- [Directions]:
Select all lines holding the word "subsetIr" from the entries that follow.

[Collected data]

━━━━

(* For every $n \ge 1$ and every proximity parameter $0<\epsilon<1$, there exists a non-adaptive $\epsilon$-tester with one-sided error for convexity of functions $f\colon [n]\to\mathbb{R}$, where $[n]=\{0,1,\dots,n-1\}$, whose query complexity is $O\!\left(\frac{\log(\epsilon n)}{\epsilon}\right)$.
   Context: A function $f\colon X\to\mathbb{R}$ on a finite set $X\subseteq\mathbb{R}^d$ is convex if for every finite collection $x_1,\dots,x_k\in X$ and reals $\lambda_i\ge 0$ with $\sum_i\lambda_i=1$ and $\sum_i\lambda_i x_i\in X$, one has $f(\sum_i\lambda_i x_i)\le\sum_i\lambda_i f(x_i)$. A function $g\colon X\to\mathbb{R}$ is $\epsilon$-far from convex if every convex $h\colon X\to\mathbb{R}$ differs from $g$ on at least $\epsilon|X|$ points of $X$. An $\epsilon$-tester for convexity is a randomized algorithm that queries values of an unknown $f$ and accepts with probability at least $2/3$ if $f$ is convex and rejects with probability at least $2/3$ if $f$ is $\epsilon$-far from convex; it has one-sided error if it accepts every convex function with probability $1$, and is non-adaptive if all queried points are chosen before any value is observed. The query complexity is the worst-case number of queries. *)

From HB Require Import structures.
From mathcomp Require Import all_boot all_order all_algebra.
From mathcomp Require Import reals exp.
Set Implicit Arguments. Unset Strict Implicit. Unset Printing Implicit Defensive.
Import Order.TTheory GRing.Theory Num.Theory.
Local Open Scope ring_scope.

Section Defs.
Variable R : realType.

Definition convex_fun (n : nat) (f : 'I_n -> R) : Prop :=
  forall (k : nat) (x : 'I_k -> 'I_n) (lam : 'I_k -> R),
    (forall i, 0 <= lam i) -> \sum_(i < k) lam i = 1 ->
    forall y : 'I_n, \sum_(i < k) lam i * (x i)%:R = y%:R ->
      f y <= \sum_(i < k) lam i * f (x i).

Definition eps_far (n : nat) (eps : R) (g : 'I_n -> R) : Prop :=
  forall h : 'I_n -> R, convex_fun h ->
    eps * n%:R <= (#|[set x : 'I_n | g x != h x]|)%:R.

━━━━

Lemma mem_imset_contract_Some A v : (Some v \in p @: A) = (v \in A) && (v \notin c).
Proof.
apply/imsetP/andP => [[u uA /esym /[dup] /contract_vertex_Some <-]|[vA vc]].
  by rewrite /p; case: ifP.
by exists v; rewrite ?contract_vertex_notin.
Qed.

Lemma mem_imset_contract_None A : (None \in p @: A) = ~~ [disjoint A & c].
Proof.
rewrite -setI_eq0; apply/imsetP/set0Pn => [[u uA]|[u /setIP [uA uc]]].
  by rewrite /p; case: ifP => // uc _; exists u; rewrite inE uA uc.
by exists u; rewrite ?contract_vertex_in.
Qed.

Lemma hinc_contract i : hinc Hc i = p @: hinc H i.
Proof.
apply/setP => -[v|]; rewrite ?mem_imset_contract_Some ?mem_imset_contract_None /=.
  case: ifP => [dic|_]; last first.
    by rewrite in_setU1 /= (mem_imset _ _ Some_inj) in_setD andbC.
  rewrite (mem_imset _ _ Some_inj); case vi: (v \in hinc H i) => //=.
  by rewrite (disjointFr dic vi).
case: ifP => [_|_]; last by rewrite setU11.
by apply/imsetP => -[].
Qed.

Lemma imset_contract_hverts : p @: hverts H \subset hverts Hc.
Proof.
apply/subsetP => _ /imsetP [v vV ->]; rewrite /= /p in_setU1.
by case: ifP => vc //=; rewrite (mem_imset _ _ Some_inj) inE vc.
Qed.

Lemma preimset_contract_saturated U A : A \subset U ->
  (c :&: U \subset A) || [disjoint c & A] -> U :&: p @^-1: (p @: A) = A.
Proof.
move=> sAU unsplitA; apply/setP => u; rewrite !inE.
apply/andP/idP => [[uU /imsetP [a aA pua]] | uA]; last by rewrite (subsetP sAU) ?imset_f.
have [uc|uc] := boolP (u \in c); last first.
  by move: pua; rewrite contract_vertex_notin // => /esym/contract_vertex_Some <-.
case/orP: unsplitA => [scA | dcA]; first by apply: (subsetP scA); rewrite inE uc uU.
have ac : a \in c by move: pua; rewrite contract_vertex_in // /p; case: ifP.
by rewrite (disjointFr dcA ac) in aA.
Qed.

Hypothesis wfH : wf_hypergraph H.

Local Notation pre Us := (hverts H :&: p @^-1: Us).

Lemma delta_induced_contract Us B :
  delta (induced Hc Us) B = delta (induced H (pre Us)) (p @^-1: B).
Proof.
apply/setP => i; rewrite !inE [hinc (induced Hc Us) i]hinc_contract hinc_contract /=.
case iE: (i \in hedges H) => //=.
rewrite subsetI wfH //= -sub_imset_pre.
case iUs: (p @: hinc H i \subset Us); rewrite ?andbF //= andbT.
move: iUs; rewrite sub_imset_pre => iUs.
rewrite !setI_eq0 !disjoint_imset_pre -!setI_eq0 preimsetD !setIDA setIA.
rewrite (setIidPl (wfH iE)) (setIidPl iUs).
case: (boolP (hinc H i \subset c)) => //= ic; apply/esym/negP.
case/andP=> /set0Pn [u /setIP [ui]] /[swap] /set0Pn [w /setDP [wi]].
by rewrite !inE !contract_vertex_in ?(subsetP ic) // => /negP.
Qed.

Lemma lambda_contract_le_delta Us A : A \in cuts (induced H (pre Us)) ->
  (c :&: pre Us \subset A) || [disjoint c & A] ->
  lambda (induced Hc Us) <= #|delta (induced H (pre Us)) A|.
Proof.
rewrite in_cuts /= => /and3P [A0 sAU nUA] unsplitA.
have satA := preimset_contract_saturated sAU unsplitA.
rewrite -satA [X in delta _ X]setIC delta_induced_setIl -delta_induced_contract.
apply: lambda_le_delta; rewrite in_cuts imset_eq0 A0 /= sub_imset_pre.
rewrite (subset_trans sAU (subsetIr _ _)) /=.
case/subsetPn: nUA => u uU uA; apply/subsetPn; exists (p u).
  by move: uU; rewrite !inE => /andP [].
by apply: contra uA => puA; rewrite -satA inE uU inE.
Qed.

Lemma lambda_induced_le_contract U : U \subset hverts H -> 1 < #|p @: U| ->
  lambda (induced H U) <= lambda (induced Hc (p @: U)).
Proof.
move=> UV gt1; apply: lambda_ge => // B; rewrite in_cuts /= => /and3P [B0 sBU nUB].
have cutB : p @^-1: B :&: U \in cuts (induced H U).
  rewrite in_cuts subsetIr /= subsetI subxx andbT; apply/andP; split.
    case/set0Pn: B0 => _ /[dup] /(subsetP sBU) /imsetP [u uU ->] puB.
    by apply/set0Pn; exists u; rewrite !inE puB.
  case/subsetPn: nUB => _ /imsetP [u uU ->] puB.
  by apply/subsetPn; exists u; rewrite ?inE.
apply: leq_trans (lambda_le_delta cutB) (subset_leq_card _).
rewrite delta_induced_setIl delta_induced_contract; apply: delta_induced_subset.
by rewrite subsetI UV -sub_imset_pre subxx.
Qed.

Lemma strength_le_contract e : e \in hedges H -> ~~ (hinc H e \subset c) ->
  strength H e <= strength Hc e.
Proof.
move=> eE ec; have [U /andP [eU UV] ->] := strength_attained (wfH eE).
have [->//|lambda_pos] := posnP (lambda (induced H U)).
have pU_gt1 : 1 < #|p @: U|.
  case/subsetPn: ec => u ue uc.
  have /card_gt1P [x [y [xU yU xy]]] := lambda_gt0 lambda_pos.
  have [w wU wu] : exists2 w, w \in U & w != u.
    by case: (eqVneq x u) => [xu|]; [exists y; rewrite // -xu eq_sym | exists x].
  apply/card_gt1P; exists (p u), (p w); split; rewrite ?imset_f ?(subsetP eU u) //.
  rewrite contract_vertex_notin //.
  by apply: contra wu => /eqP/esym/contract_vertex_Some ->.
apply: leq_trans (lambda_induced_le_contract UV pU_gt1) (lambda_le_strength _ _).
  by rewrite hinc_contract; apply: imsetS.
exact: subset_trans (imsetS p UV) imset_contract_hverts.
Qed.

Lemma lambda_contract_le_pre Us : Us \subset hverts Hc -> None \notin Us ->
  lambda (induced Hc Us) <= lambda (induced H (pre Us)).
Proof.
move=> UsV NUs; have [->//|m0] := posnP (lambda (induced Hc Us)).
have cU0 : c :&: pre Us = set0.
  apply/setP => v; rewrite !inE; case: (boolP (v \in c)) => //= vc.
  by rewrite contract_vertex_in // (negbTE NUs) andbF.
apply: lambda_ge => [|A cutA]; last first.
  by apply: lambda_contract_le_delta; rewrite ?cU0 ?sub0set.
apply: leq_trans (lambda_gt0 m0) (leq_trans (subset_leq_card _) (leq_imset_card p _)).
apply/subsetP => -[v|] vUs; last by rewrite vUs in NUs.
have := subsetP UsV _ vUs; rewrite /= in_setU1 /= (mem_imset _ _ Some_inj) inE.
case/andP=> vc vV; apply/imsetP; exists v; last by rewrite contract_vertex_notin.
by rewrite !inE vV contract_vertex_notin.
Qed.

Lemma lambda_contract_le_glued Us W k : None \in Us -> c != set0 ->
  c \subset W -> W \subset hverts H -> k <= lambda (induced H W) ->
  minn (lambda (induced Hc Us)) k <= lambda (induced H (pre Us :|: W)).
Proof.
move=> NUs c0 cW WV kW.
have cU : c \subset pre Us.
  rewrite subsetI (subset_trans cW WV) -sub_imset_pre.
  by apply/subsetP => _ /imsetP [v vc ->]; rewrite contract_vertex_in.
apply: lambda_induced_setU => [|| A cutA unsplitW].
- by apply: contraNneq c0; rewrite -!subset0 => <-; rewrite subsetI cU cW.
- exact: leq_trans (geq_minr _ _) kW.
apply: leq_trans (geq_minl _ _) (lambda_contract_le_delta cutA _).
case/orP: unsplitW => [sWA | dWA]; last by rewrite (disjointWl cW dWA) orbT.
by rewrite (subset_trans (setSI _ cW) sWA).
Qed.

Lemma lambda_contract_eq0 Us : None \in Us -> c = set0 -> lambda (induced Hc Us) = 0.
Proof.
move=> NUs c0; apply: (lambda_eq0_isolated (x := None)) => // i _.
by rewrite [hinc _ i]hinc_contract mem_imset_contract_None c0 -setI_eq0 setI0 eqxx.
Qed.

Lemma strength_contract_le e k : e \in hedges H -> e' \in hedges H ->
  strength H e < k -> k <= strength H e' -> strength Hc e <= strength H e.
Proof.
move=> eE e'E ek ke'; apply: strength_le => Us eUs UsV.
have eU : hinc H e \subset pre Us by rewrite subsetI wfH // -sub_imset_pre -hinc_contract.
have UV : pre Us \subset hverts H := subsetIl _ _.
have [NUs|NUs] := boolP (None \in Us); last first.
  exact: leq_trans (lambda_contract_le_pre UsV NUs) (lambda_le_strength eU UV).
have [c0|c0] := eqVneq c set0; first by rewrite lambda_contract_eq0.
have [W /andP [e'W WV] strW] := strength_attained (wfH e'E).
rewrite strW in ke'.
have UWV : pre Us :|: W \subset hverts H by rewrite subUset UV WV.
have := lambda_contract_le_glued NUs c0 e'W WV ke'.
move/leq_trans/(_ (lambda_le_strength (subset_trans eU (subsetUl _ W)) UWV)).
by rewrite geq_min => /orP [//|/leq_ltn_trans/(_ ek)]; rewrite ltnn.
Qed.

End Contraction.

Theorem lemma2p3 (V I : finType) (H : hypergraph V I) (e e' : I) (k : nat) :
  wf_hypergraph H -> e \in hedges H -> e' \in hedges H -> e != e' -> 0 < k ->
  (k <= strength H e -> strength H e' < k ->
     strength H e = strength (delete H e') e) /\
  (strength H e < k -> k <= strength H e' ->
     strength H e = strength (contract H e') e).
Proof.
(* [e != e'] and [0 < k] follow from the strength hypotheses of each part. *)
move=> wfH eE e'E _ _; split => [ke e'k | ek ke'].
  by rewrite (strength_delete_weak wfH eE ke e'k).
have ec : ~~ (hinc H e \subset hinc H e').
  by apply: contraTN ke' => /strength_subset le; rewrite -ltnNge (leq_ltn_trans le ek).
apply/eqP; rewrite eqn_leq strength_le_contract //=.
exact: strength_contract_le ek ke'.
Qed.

━━━━

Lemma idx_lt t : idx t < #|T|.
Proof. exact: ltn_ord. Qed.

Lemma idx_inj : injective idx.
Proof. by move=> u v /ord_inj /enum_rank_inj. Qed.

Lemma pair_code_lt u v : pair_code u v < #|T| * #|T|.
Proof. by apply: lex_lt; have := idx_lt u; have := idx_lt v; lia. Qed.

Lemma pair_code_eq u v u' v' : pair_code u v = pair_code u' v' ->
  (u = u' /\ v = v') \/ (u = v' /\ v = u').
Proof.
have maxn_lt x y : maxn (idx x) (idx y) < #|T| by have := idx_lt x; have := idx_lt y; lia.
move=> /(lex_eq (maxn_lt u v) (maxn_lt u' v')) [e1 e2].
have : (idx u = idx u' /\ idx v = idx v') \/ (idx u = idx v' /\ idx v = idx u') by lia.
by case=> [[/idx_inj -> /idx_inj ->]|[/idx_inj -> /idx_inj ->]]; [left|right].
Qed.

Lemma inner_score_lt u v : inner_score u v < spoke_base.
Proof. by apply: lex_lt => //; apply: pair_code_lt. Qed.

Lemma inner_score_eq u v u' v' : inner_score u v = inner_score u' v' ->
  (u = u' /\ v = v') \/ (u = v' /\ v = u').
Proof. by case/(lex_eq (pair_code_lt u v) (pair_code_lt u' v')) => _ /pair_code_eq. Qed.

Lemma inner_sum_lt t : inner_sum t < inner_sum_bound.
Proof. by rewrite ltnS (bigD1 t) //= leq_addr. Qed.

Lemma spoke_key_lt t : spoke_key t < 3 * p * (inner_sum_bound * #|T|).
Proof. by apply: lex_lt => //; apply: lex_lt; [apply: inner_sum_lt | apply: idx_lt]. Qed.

━━━━

- [Solution to the problem]:
rewrite (subset_trans sAU (subsetIr _ _)) /=.
  rewrite in_cuts subsetIr /= subsetI subxx andbT; apply/andP; split.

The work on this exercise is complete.